*EXERCISE DETAILS*
From the material below, pull each line containing the string "hornerC".

--- DATA TO EXAMINE ---

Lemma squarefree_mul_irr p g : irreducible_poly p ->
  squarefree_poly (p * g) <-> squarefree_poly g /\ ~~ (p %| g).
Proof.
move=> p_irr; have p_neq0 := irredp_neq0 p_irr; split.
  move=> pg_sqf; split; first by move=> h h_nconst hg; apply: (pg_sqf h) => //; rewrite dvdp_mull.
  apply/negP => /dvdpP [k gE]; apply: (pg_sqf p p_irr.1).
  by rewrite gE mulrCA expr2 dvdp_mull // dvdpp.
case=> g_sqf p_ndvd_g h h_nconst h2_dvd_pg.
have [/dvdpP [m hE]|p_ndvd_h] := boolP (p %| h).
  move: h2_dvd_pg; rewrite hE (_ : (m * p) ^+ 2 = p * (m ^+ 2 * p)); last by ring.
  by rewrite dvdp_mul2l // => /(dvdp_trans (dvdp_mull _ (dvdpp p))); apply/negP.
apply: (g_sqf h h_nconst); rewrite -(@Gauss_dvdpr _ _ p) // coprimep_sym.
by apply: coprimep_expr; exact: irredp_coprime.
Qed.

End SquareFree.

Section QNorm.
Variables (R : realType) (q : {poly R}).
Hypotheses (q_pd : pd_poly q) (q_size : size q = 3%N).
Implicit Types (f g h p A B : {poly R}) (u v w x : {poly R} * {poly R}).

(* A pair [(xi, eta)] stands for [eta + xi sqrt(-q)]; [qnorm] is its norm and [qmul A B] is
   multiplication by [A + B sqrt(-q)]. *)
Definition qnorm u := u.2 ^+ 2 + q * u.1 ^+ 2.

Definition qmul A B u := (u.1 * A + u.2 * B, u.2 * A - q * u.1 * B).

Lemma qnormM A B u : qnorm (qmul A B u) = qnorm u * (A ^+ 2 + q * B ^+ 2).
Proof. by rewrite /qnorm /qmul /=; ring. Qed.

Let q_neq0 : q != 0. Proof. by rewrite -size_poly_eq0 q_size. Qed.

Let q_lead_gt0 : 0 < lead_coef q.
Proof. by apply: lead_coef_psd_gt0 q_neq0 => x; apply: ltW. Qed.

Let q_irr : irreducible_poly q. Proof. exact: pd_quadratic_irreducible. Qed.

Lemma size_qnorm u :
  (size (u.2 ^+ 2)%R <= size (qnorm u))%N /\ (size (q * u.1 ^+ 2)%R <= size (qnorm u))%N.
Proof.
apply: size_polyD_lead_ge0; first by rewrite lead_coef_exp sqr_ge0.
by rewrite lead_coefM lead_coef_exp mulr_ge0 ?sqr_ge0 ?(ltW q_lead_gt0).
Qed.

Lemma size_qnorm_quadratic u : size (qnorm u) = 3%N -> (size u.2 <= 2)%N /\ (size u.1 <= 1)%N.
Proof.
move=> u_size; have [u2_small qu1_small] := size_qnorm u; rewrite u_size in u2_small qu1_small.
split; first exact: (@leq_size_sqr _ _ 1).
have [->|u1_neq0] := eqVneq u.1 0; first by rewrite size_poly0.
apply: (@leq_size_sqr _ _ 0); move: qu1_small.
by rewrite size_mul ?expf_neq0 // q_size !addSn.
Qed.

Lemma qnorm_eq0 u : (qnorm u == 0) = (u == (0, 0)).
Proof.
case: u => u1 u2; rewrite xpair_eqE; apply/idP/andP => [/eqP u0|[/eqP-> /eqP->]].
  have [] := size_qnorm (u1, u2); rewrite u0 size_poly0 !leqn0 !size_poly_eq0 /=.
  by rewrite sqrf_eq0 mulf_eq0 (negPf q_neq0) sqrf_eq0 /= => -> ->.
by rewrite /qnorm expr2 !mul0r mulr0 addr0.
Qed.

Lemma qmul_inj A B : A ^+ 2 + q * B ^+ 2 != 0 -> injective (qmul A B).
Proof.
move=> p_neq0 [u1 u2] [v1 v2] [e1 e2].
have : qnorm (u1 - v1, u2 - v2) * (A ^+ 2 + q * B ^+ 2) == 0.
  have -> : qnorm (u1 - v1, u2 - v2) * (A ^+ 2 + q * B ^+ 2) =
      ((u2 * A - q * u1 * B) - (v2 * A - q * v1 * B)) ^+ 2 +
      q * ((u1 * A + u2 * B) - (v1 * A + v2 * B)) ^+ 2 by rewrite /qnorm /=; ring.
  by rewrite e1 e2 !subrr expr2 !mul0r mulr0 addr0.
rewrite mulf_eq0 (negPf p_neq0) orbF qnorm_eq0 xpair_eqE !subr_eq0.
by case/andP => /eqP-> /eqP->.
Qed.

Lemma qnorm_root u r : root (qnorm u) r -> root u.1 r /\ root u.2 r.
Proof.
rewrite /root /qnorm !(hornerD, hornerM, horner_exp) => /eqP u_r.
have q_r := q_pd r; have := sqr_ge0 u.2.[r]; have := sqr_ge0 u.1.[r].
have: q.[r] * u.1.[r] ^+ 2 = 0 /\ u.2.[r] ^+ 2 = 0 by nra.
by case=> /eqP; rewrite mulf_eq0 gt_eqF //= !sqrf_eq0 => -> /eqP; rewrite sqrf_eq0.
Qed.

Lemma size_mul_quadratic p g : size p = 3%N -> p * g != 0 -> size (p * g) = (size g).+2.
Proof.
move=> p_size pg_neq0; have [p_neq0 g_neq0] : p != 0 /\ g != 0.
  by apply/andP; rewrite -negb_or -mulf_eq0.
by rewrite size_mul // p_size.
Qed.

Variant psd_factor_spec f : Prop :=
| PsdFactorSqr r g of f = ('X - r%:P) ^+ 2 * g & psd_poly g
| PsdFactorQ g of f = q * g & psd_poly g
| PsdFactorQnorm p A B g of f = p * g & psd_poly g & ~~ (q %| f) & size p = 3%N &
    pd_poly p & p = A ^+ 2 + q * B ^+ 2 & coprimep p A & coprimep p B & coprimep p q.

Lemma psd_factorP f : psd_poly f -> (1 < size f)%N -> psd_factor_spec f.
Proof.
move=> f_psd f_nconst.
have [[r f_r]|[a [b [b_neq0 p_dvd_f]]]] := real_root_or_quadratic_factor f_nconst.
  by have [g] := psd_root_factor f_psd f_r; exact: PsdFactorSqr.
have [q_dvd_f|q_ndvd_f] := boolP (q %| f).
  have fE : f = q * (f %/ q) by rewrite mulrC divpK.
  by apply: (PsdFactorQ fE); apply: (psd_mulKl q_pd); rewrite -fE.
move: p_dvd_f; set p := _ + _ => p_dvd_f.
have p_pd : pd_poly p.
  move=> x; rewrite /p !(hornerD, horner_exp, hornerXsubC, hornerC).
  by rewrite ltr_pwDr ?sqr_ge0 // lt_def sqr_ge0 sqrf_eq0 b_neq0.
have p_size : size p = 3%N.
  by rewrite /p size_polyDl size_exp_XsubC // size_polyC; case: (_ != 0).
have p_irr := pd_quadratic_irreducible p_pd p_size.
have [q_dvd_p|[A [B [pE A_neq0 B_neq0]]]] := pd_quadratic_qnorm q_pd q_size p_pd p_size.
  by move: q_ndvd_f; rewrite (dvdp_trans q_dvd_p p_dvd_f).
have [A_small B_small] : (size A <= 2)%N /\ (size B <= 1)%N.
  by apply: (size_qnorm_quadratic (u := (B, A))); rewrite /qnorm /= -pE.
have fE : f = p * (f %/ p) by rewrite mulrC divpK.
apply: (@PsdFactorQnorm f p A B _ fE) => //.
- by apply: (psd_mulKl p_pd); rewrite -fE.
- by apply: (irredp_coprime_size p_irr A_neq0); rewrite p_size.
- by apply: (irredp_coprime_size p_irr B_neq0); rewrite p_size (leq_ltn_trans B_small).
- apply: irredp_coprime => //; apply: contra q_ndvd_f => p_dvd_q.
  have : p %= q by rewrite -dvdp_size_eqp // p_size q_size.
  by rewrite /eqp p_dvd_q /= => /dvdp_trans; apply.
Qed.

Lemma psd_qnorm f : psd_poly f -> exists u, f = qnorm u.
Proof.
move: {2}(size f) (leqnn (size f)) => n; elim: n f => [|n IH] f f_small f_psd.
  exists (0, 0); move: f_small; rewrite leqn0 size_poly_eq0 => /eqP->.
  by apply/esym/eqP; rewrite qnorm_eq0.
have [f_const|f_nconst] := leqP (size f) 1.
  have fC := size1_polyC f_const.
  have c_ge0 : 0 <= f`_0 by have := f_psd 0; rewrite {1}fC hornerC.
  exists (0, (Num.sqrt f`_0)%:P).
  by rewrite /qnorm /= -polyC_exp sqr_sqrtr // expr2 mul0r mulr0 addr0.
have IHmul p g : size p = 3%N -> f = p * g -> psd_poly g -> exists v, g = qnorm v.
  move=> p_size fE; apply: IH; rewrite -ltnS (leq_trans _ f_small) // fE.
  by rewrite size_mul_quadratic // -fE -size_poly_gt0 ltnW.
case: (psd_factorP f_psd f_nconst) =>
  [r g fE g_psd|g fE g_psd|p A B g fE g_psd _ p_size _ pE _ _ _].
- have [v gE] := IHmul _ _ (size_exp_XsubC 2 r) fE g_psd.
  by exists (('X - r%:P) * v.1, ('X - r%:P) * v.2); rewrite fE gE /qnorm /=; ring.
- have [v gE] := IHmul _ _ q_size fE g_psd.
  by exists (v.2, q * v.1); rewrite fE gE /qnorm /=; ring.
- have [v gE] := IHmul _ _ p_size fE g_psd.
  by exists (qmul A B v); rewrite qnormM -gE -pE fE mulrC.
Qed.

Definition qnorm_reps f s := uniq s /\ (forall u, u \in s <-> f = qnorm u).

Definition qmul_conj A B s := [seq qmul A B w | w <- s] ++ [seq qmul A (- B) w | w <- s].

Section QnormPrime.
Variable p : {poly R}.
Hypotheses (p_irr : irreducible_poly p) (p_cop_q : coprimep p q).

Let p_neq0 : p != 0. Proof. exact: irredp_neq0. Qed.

---

*RESULT BELOW*
  move=> x; rewrite /p !(hornerD, horner_exp, hornerXsubC, hornerC).
  have c_ge0 : 0 <= f`_0 by have := f_psd 0; rewrite {1}fC hornerC.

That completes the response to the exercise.